Además de esto, el follaje es mas lleno, los bosques más gruesos, el cielo más suave, y todo da indicios de la influencia de un clima tropical e insulso.

Una curva de la carretera alrededor de un precipicio, nos reveló la ciudad de Cuernavaca, situada más allá del bosque en el regazo del Valle, mientras que en el este las montañas se perdieron en la llanura, como una línea distante del mar. Nuestro grupo se reunió, el anuncio de la primera vista de nuestro puerto de destino para la noche. Los novatos en viaje mexicano decidieron, que no podía estar más de un par de leguas de lejos; pero el camino fue largo fue el cansado camino, descendiendo y descendiendo, sin apenas percibir disminución de distancia, antes de llegar a la ciudad.

En el transcurso de esta tarde pasamos por varios pueblos indios y vimos mucha gente trabajando en los campos por el lado de la carretera. Dos cosas me impactaron: primero, las casuchas miserables en que se alojan los indios, en comparación con las cuales una perrera decente en casa sería un hogar confortable; y segundo, el hecho de que este, aunque es sábado, no era día de reposo para estas personas que siempre trabajan, pero pobres y sin economía. Muchas de las criaturas miserables estaban ¡bajo un techo de paja, puesto sobre la tierra con un agujero en un extremo para arrastrarse dentro!

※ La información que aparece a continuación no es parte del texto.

(* Fix a root vertex r.  Every mincut has exactly one shore avoiding r, so
   the cut space is spanned by the vectors chi(Delta(X)) with X a mincut
   shore not containing r.  This family is closed under uncrossing: if two
   such shores X, Y cross, submodularity of the cut function forces
   X :&: Y and X :|: Y to be mincut shores as well, and no edge joins
   X \ Y to Y \ X, whence chi X + chi Y = chi (X :&: Y) + chi (X :|: Y).
   A classical uncrossing argument then shows that any family closed under
   uncrossing is spanned by a laminar subfamily, and a laminar family of
   nonempty subsets of a set U has at most 2|U| - 1 members.  With
   U = V \ {r} this gives the bound 2(n - 1) - 1 = 2n - 3. *)

From mathcomp Require Import all_boot all_order all_algebra.
From mathcomp Require Import zify lra.
Set Implicit Arguments. Unset Strict Implicit. Unset Printing Implicit Defensive.
Import Order.TTheory GRing.Theory Num.Theory.

Section Laminar.
Variable T : finType.
Implicit Types (U V X Y Z : {set T}) (L : {set {set T}}).

Definition cross X Y :=
  [&& X :&: Y != set0, ~~ (X \subset Y) & ~~ (Y \subset X)].

Definition laminar L := forall X Y, X \in L -> Y \in L -> ~~ cross X Y.

Definition laminar_in U L :=
  laminar L /\ forall X, X \in L -> X != set0 /\ X \subset U.

Lemma crossC X Y : cross X Y = cross Y X.
Proof.
by rewrite /cross setIC; case: (_ \subset _); case: (_ \subset _); rewrite ?andbF.
Qed.

Lemma crossxx X : ~~ cross X X.
Proof. by rewrite /cross subxx andbF. Qed.

Lemma nocrossP X Y : ~~ cross X Y ->
  [\/ X :&: Y = set0, X \subset Y | Y \subset X].
Proof.
rewrite /cross; case: eqP => [->|_] /=; first by constructor.
case: (X \subset Y) => /=; first by constructor 2.
by case: (Y \subset X) => //= _; constructor 3.
Qed.

Lemma cross_setI Z X Y : ~~ cross Z X -> cross Z (X :&: Y) -> cross Z Y.
Proof.
move=> /nocrossP ncZX /and3P[meet nsub1 nsub2].
apply/and3P; split.
- by apply: contraNneq meet; rewrite setIA setIAC => ->; rewrite set0I.
- case: ncZX => [ZX0 | ZX | XZ].
  + by move: meet; rewrite setIA ZX0 set0I eqxx.
  + by apply: contra nsub1 => ZY; rewrite subsetI ZX ZY.
  + by case/negP: nsub2; apply: subset_trans XZ; exact: subsetIl.
- by apply: contra nsub2 => YZ; apply: subset_trans YZ; exact: subsetIr.
Qed.

Lemma cross_setU Z X Y :
  cross X Y -> ~~ cross Z X -> cross Z (X :|: Y) -> cross Z Y.
Proof.
move=> /and3P[/set0Pn[x XYx] _ _] /nocrossP ncZX /and3P[meet nsub1 nsub2].
move: XYx; rewrite inE => /andP[Xx Yx].
have nZY : ~~ (Z \subset Y).
  by apply: contra nsub1 => ZY; exact: subset_trans ZY (subsetUr _ _).
case: ncZX => [ZX0 | ZX | XZ].
- apply/and3P; split => //.
  + by move: meet; rewrite setIUr ZX0 set0U.
  + apply/negP => /subsetP/(_ x Yx) Zx.
    by move/setP: ZX0 => /(_ x); rewrite !inE Zx Xx.
- by case/negP: nsub1; exact: subset_trans ZX (subsetUl _ _).
- apply/and3P; split => //.
  + by apply/set0Pn; exists x; rewrite inE (subsetP XZ x Xx).
  + by apply: contra nsub2 => YZ; rewrite subUset XZ YZ.
Qed.

Lemma laminar_subset L0 L : L0 \subset L -> laminar L -> laminar L0.
Proof. by move=> /subsetP sL0 lamL X Y /sL0 XL /sL0 YL; exact: lamL. Qed.

Lemma laminar_in_restrict U V L :
  laminar_in U L -> laminar_in V [set X in L | X \subset V].
Proof.
case=> lamL memL; split.
  by apply: laminar_subset lamL; apply/subsetP => X; rewrite inE => /andP[].
by move=> X; rewrite inE => /andP[/memL[X0 _] XV].
Qed.

(* A largest member M of a laminar family of subsets of U splits the
   family: every member lies inside M or inside its complement in U. *)
Lemma laminar_split U L X0 : laminar_in U L -> X0 \in L ->
  exists2 M, M \in L &
    forall X, X \in L -> (X \subset M) || (X \subset U :\: M).
Proof.
case=> lamL memL X0L.
have [M ML Mmax] := arg_maxnP (fun X : {set T} => #|X|) X0L.
exists M => // X XL; have [_ XU] := memL X XL.
case/nocrossP: (lamL X M XL ML) => [XM0 | -> // | MX].
- apply/orP; right; rewrite subsetD XU /=.
  by rewrite -setI_eq0 XM0.
- by rewrite (eqP (_ : M == X)) ?subxx // eqEcard MX; exact: Mmax.
Qed.

(* Size bound for laminar families: a laminar family of nonempty subsets
   of a nonempty set U has at most 2|U| - 1 members, and at most 2|U| - 2
   if U itself is not a member. *)
Lemma laminar_card U L : U != set0 -> laminar_in U L ->
  #|L| + (U \notin L) <= (2 * #|U|).-1.
Proof.
move: {2}#|U| (leqnn #|U|) => k; elim: k U L => [|k IH] U L.
  by rewrite leqn0 cards_eq0 => /eqP ->; rewrite eqxx.
move=> Uk U0 lamL; have [_ memL] := lamL.
have U_gt0 : 0 < #|U| by rewrite card_gt0.
suff proper_bound : #|L :\ U| <= 2 * #|U| - 2.
  move: proper_bound U_gt0; rewrite (cardsD1 U L); move: #|L :\ U| #|U| => a u.
  by case: (U \in L) => /=; lia.
have [-> | [X0 X0L]] := set_0Vmem (L :\ U); first by rewrite cards0.
have lamL0 : laminar_in U (L :\ U).
  case: lamL => lam _; split; first exact: laminar_subset (subsetDl _ _) lam.
  by move=> X /setD1P[_ /memL].
have [M /setD1P[MU ML] Msplit] := laminar_split lamL0 X0L.
have [M0 MsubU] := memL M ML.
have M_proper : M \proper U by rewrite properEneq MU.
have partU : #|M| + #|U :\: M| = #|U|.
  by rewrite -(cardsID M U) (setIidPr MsubU).
have M_gt0 : 0 < #|M| by rewrite card_gt0.
have MC_gt0 : 0 < #|U :\: M| by move: (proper_card M_proper); lia.
pose L1 := [set X in L | X \subset M].
pose L2 := [set X in L | X \subset U :\: M].
have bound1 : #|L1| <= (2 * #|M|).-1.
  apply: leq_trans (leq_addr (M \notin L1) _) _.
  apply: IH (laminar_in_restrict M lamL); last by rewrite -card_gt0.
  by move: (proper_card M_proper); lia.
have bound2 : #|L2| <= (2 * #|U :\: M|).-1.
  apply: leq_trans (leq_addr (U :\: M \notin L2) _) _.
  by apply: IH (laminar_in_restrict (U :\: M) lamL); rewrite -?card_gt0; lia.
have cover : L :\ U \subset L1 :|: L2.
  apply/subsetP => X XL0; have /setD1P[_ XL] := XL0.
  by rewrite !inE XL; exact: Msplit.
by have := leq_trans (subset_leq_card cover) (leq_card_setU L1 L2); lia.
Qed.
(* Case (a): an increasing sequence below a negative continuous v; it is
   bounded below by z 0 and converges pointwise, being bounded above by 0. *)
Lemma increasing_controlled v :
  (forall n x, 0 < x < 1 -> z n x <= z (S n) x) -> cont01 v ->
  (forall n x, 0 < x < 1 -> z n x <= v x /\ v x < 0) ->
  exists B, controlled_family z v B.
Proof.
  intros Hup Hv Hvb.
  assert (Hgrow : forall x, 0 <= x <= 1 -> Un_growing (fun n => z n x)).
  { intros x Hx n. exact (cont01_le _ _ (z_cont n) (z_cont (S n)) (Hup n) x Hx). }
  destruct (cont01_bounded (z 0%nat) (z_cont 0%nat)) as [B HB].
  exists B. split.
  - exact Hv.
  - intros x Hx. exact (proj2 (Hvb 0%nat x Hx)).
  - intros n x Hx. exact (proj1 (Hvb n x Hx)).
  - intros n x Hx.
    assert (H0n := growing_prop _ n 0 (Hgrow x ltac:(lra)) ltac:(lia)).
    assert (A1 := z_neg n x Hx). assert (A2 := HB x ltac:(lra)).
    revert A2; unfold Rabs; repeat destruct Rcase_abs; lra.
  - intros x Hx.
    assert (Hub : has_ub (fun n => z n x)).
    { exists 0. intros y [i ->]. exact (family_nonpos i x Hx). }
    destruct (growing_cv _ (Hgrow x Hx) Hub) as [l Hl]. exists l; exact Hl.
Qed.

(* Case (b): a decreasing sequence above a continuous w; z 0 itself is the
   barrier, and the sequence converges pointwise, being bounded below by w. *)
Lemma decreasing_controlled w :
  (forall n x, 0 < x < 1 -> z (S n) x <= z n x) -> cont01 w ->
  (forall n x, 0 < x < 1 -> w x <= z n x) ->
  exists B, controlled_family z (z 0%nat) B.
Proof.
  intros Hdown Hw Hwb.
  assert (Hdec : forall x, 0 <= x <= 1 -> Un_decreasing (fun n => z n x)).
  { intros x Hx n. exact (cont01_le _ _ (z_cont (S n)) (z_cont n) (Hdown n) x Hx). }
  destruct (cont01_bounded w Hw) as [B HB].
  exists B. split.
  - exact (z_cont 0%nat).
  - exact (z_neg 0%nat).
  - intros n x Hx. exact (decreasing_prop _ 0 n (Hdec x ltac:(lra)) ltac:(lia)).
  - intros n x Hx.
    assert (A1 := Hwb n x Hx). assert (A2 := z_neg n x Hx). assert (A3 := HB x ltac:(lra)).
    revert A3; unfold Rabs; repeat destruct Rcase_abs; lra.
  - intros x Hx.
    assert (Hlb : has_lb (fun n => z n x)).
    { exists (- w x). intros y [i ->]. unfold opp_seq.
      assert (w x <= z i x); [|lra].
      exact (cont01_le w (z i) Hw (z_cont i) (Hwb i) x Hx). }
    destruct (decreasing_cv _ (Hdec x Hx) Hlb) as [l Hl]. exists l; exact Hl.
Qed.

End MonotoneFamilies.

Lemma rhs_continuous (h q zb : R -> R) (c x : R) :
  cont01 h -> cont01 q -> cont01 zb -> 0 < x < 1 -> zb x <> 0 ->
  continuity_pt (fun y => h y - c - q y / zb y) x.
Proof.
  intros Hh Hq Hzb Hx Hne.
  apply continuity_pt_minus; [apply continuity_pt_minus|].
  - exact (cont01_interior h x Hh Hx).
  - exact (continuity_pt_const (fun _ => c) x (fun _ _ => eq_refl)).
  - exact (continuity_pt_div _ _ x (cont01_interior q x Hq Hx)
             (cont01_interior zb x Hzb Hx) Hne).
Qed.

Theorem lemma3p3
  (h q : R -> R) (cs : nat -> R) (c : R) (z : nat -> R -> R)
  (Hh : cont01 h) (Hq : cont01 q)
  (Hqpos : forall x, 0 < x < 1 -> 0 < q x)
  (Hcs : Un_cv cs c)
  (Hzc : forall n, cont01 (z n))
  (Hz1 : forall n, C1_open01 (z n))
  (Hzode : forall n x, 0 < x < 1 ->
      derivable_pt_lim (z n) x (h x - cs n - q x / z n x))
  (Hzneg : forall n x, 0 < x < 1 -> z n x < 0)
  (Hcase :
     ((forall n x, 0 < x < 1 -> z n x <= z (S n) x) /\
      exists v : R -> R, cont01 v /\
        forall n x, 0 < x < 1 -> z n x <= v x /\ v x < 0)
     \/
     ((forall n x, 0 < x < 1 -> z (S n) x <= z n x) /\
      exists w : R -> R, cont01 w /\
        forall n x, 0 < x < 1 -> w x <= z n x)) :
  exists zbar : R -> R,
    unif_cv01 z zbar /\ cont01 zbar /\ C1_open01 zbar /\
    forall x, 0 < x < 1 ->
      derivable_pt_lim zbar x (h x - c - q x / zbar x) /\ zbar x < 0.
Proof.
  destruct (cont01_bounded h Hh) as [Hmax HH].
  destruct (cont01_bounded q Hq) as [Qmax HQ].
  destruct (cv_bounded cs c Hcs) as [Cmax HC].
  assert (Hqb : forall x, 0 < x < 1 -> 0 < q x <= Qmax).
  { intros x Hx. split; [auto|]. eapply Rle_trans; [apply Rle_abs | apply HQ; lra]. }
  assert (Hdata : forall n x, 0 < x < 1 -> Rabs (h x - cs n) <= Hmax + Cmax).
  { intros n x Hx. unfold Rminus. eapply Rle_trans; [apply Rabs_triang|].
    rewrite Rabs_Ropp. apply Rplus_le_compat; [apply HH; lra | apply HC]. }
  assert (Hctl : exists u B, controlled_family z u B).
  { destruct Hcase as [[Hup [v [Hv Hvb]]] | [Hdown [w [Hw Hwb]]]].
    - exists v. exact (increasing_controlled z Hzc Hzneg v Hup Hv Hvb).
    - exists (z 0%nat). exact (decreasing_controlled z Hzc Hzneg w Hdown Hw Hwb). }
  destruct Hctl as [u [B Hctl]].
  assert (Hequi : equicont01 z).
  { exact (riccati_equicontinuous z h q cs _ _ B Hzc Hzode Hzneg Hqb Hdata
             (uniform_bound _ _ _ Hctl)). }
  destruct (equicont_uniform_limit z Hequi (pointwise_cv _ _ _ Hctl))
    as [zb [Hunif [Hcont Hcv]]].
  assert (Hbelow := limit_below_barrier z u B zb Hctl Hcv).
  assert (Hode : forall x, 0 < x < 1 -> derivable_pt_lim zb x (h x - c - q x / zb x)).
  { intros x Hx. apply (limit_solves_ode z zb h q u cs c Qmax); auto.
    - intros y Hy. destruct (Hqb y Hy); lra.
    - exact (barrier_cont _ _ _ Hctl).
    - exact (below_barrier _ _ _ Hctl).
    - intros y Hy. exact (proj1 (Hbelow y Hy)).
    - exact (barrier_neg _ _ _ Hctl x Hx). }
  exists zb. split; [exact Hunif|]. split; [exact Hcont|]. split.
  - exists (fun x => h x - c - q x / zb x). intros x Hx. split; [auto|].
    apply rhs_continuous; auto. apply Rlt_not_eq, Hbelow, Hx.
  - intros x Hx. split; [auto | apply Hbelow, Hx].
Qed.
Set Implicit Arguments. Unset Strict Implicit. Unset Printing Implicit Defensive.
Import GRing.Theory.
Local Open Scope ring_scope.

Section FiniteField.
Variable F : finFieldType.

Lemma unit_prim_root : exists g : F, (#|F|.-1).-primitive_root g.
Proof.
have F1 : (1 < #|F|)%N by exact: finNzRing_gt1.
have unity_units : all (#|F|.-1).-unity_root (enum [set~ (0 : F)]).
  apply/allP => x; rewrite mem_enum !inE => x0; rewrite unity_rootE.
  by apply/eqP/(mulIf x0); rewrite mul1r -exprSr prednK ?expf_card //; lia.
have N_gt0 : (0 < #|F|.-1)%N by lia.
have card_units : (#|F|.-1 <= size (enum [set~ (0 : F)%R]))%N by rewrite -cardE cardsC1.
have /hasP[g _ ?] := has_prim_root N_gt0 unity_units (enum_uniq _) card_units.
by exists g.
Qed.

Lemma card_unity_roots d : (0 < d)%N -> (d %| #|F|.-1)%N ->
  #|[set x : F | x ^+ d == 1]| = d.
Proof.
move=> d_gt0 /dvdnP[e eN]; have [g g_prim] := unit_prim_root.
have e_gt0 : (0 < e)%N.
  by move: (prim_order_gt0 g_prim); rewrite eN; case: (e).
have z_prim : d.-primitive_root (g ^+ e).
  have := exp_prim_root g_prim e.
  by rewrite eN (gcdn_idPl (dvdn_mulr _ (dvdnn e))) mulKn.
have -> : [set x : F | x ^+ d == 1] = [set g ^+ e ^+ val i | i : 'I_d].
  apply/setP => x; rewrite inE; apply/eqP/imsetP => [/(prim_rootP z_prim)[i ->]|[i _ ->]].
    by exists i.
  by rewrite exprAC (prim_expr_order z_prim) expr1n.
rewrite card_imset ?card_ord // => i i' /eqP.
by rewrite (eq_prim_root_expr z_prim) !modn_small ?ltn_ord // => /eqP/val_inj.
Qed.

Lemma Fsub_unity q j : (0 < q)%N ->
  Fsub F q j = 0 |: [set x : F | x ^+ (q ^ j).-1 == 1].
Proof.
move=> q_gt0; have Q_gt0 : (0 < q ^ j)%N by rewrite expn_gt0 q_gt0.
apply/setP => x; rewrite !inE -{1}(prednK Q_gt0) exprS.
have [->|x0] := eqVneq x 0; first by rewrite mul0r eqxx.
by rewrite -[X in _ == X]mulr1 (inj_eq (mulfI x0)).
Qed.

Lemma card_Fsub q n j : (1 < q)%N -> #|F| = (q ^ n)%N -> (0 < j)%N -> (j %| n)%N ->
  #|Fsub F q j| = (q ^ j)%N.
Proof.
move=> q_gt1 cardF j_gt0 /dvdnP[m n_eq].
have Q_gt1 : (1 < q ^ j)%N by rewrite -(expn0 q) ltn_exp2l.
have d_gt0 : (0 < (q ^ j).-1)%N by rewrite -ltnS prednK // ltnW.
rewrite Fsub_unity 1?ltnW // cardsU1 card_unity_roots //; last first.
  by rewrite cardF n_eq mulnC expnM dvdn_pred_predX.
by rewrite inE expr0n gtn_eqF // eq_sym oner_eq0 add1n prednK // ltnW.
Qed.

Lemma Fsub1_sub q j : Fsub F q 1 \subset Fsub F q j.
Proof.
apply/subsetP => x; rewrite !inE expn1 => /eqP xq; apply/eqP.
by elim: j => [|j IHj]; rewrite ?expr1 // expnSr exprM IHj.
Qed.

Lemma frobenius_rmorph q n j : (0 < n)%N -> #|F| = (q ^ n)%N ->
  {s : {rmorphism F -> F} | forall x, s x = x ^+ (q ^ j)}.
Proof.
move=> n_gt0 cardF; have [p p_pr p_char] := finPcharP F.
have Qp : [pchar F].-nat (q ^ j)%N.
  rewrite (eq_pnat _ (GRing.pcharf_eq p_char)) pnatX.
  have : p.-nat (q ^ n)%N by rewrite -cardF (card_pprimeChar p_char) pnatX pnat_id.
  by rewrite pnatX; case: (n) n_gt0 => // n' _; rewrite orbF => ->.
pose f (x : F) := x ^+ (q ^ j).
have fA : zmod_morphism f.
  by move=> x y; rewrite /f (GRing.exprDn_pchar _ _ Qp) (exprNn_pchar _ Qp).
have fM : monoid_morphism f by split=> [|x y]; rewrite /f ?exprMn ?expr1n.
pose fR : {rmorphism F -> F} :=
  HB.pack f (GRing.isZmodMorphism.Build _ _ f fA) (GRing.isMonoidMorphism.Build _ _ f fM).
by exists fR.
Qed.

End FiniteField.

Section Projective.
Variable F : finFieldType.
Implicit Types (a b c l om : F) (u v z : 'rV[F]_3).

Local Notation col3 u v z := (col_mx u (col_mx v z)).
Local Notation i1 := (@Ordinal 3 1 isT).
Local Notation i2 := (@Ordinal 3 2 isT).

Lemma vec3_inj a b c a' b' c' :
  vec3 a b c = vec3 a' b' c' -> [/\ a = a', b = b' & c = c'].
Proof.
move=> e; have e_at i : vec3 a b c 0 i = vec3 a' b' c' 0 i by rewrite e.
by split; [move: (e_at ord0) | move: (e_at i1) | move: (e_at i2)];
  rewrite !mxE.
Qed.

Lemma vec3_0 : vec3 0 0 0 = 0 :> 'rV[F]_3.
Proof. by apply/rowP => -[[|[|[|i]]] ?]; rewrite !mxE. Qed.

Lemma vec3_eq0 a b c : (vec3 a b c == 0) = [&& a == 0, b == 0 & c == 0].
Proof.
by rewrite -vec3_0; apply/eqP/and3P => [/vec3_inj[-> -> ->] | [/eqP-> /eqP-> /eqP->]].
Qed.

Lemma vec3Z (a x y w : F) : a *: vec3 x y w = vec3 (a * x) (a * y) (a * w).
Proof. by apply/rowP => -[[|[|[|i]]] ?]; rewrite !mxE. Qed.

Lemma vec3D (x y w x' y' w' : F) :
  vec3 x y w + vec3 x' y' w' = vec3 (x + x') (y + y') (w + w').
Proof. by apply/rowP => -[[|[|[|i]]] ?]; rewrite !mxE. Qed.

Lemma vec3_row (y : 'rV[F]_3) : y = vec3 (y 0 0) (y 0 i1) (y 0 i2).
Proof. by apply/rowP => -[[|[|[|i]]] ?]; rewrite !mxE //=; congr (y 0 _); apply: val_inj. Qed.

Lemma map_vec3 (f : {rmorphism F -> F}) (x y w : F) :
  map_mx f (vec3 x y w) = vec3 (f x) (f y) (f w).
Proof. by apply/rowP => -[[|[|[|i]]] ?]; rewrite !mxE //= rmorph0. Qed.

Lemma col3E u v z (i : 'I_(1 + (1 + 1))) (k : 'I_3) :
  col_mx u (col_mx v z) i k = nth 0 [:: u 0 k; v 0 k; z 0 k] i.
Proof.
case: i => [[|[|[|i]]] lti] //.
- have -> : Ordinal lti = lshift (1 + 1) ord0 by apply/val_inj.
  by rewrite col_mxEu [ord0]ord1.
- have -> : Ordinal lti = rshift 1 (lshift 1 ord0) by apply/val_inj.
  by rewrite col_mxEd col_mxEu [ord0]ord1.
- have -> : Ordinal lti = rshift 1 (rshift 1 ord0) by apply/val_inj.
  by rewrite col_mxEd col_mxEd [ord0]ord1.
Qed.

Lemma mul_vec3 a b c u v z : vec3 a b c *m col3 u v z = a *: u + b *: v + c *: z.
Proof.
by apply/rowP => k; rewrite !mxE !big_ord_recl big_ord0 !col3E !mxE /= addr0 addrA.
Qed.

Lemma row_free_col3_neq0 u v z : row_free (col3 u v z) ->
  [/\ u != 0, v != 0, z != 0 & u + v + z != 0].
Proof.
move=> free; have comb_neq0 a b c : vec3 a b c != 0 -> a *: u + b *: v + c *: z != 0.
  by rewrite -mul_vec3 mulmx_free_eq0.
split; [have := comb_neq0 1 0 0 | have := comb_neq0 0 1 0 | have := comb_neq0 0 0 1 |
        have := comb_neq0 1 1 1];
  by rewrite ?scale0r ?scale1r ?addr0 ?add0r vec3_eq0 ?oner_eq0 ?andbF; apply.
Qed.

Lemma mem_pt v : v \in pt v.
Proof. by apply/imsetP; exists 1; rewrite ?inE ?scale1r. Qed.

Lemma pt_eq_scale v v' : pt v = pt v' -> exists a, v = a *: v'.
Proof. by move=> e; have := mem_pt v; rewrite e => /imsetP[a _ ->]; exists a. Qed.

Lemma ptZ a v : a != 0 -> pt (a *: v) = pt v.
Proof.
move=> a0; apply/setP => P; apply/imsetP/imsetP => -[b _ ->].
  by exists (b * a); rewrite ?inE ?scalerA.
by exists (b / a); rewrite ?inE ?scalerA ?divfK.
Qed.

Lemma pt_in_linf v : v != 0 -> (pt v \in linf F) = (v 0 i2 == 0).
Proof.
move=> v0; apply/imsetP/idP => [[v']|v2].
  by rewrite inE => /andP[_ /eqP v'2] /pt_eq_scale[a ->]; rewrite mxE v'2 mulr0.
by exists v; rewrite // inE v0.
Qed.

¿Cuál puede ser el beneficio de una forma republicana de Gobierno para masas de tal población tan? No tienen ninguna ambición para mejorar su condición, o en un país tan rico podría mejorar; están contentos de vivir y acostarse como bestias del campo; no tienen ninguna capacidad para autogobernarse, y no pueden tener ninguna esperanza, cuando una vida tan dura no permite evitar tal miseria. ¿Es posible que estos hombres se conviertan en republicanos? Me parece que la vida de un negro, con un buen amo, en nuestro país, está mucho mejor que la degradación bestial de los indios aquí. Con nosotros, él es al menos un hombre; pero en México, aun los instintos de su naturaleza humana apenas se conservan.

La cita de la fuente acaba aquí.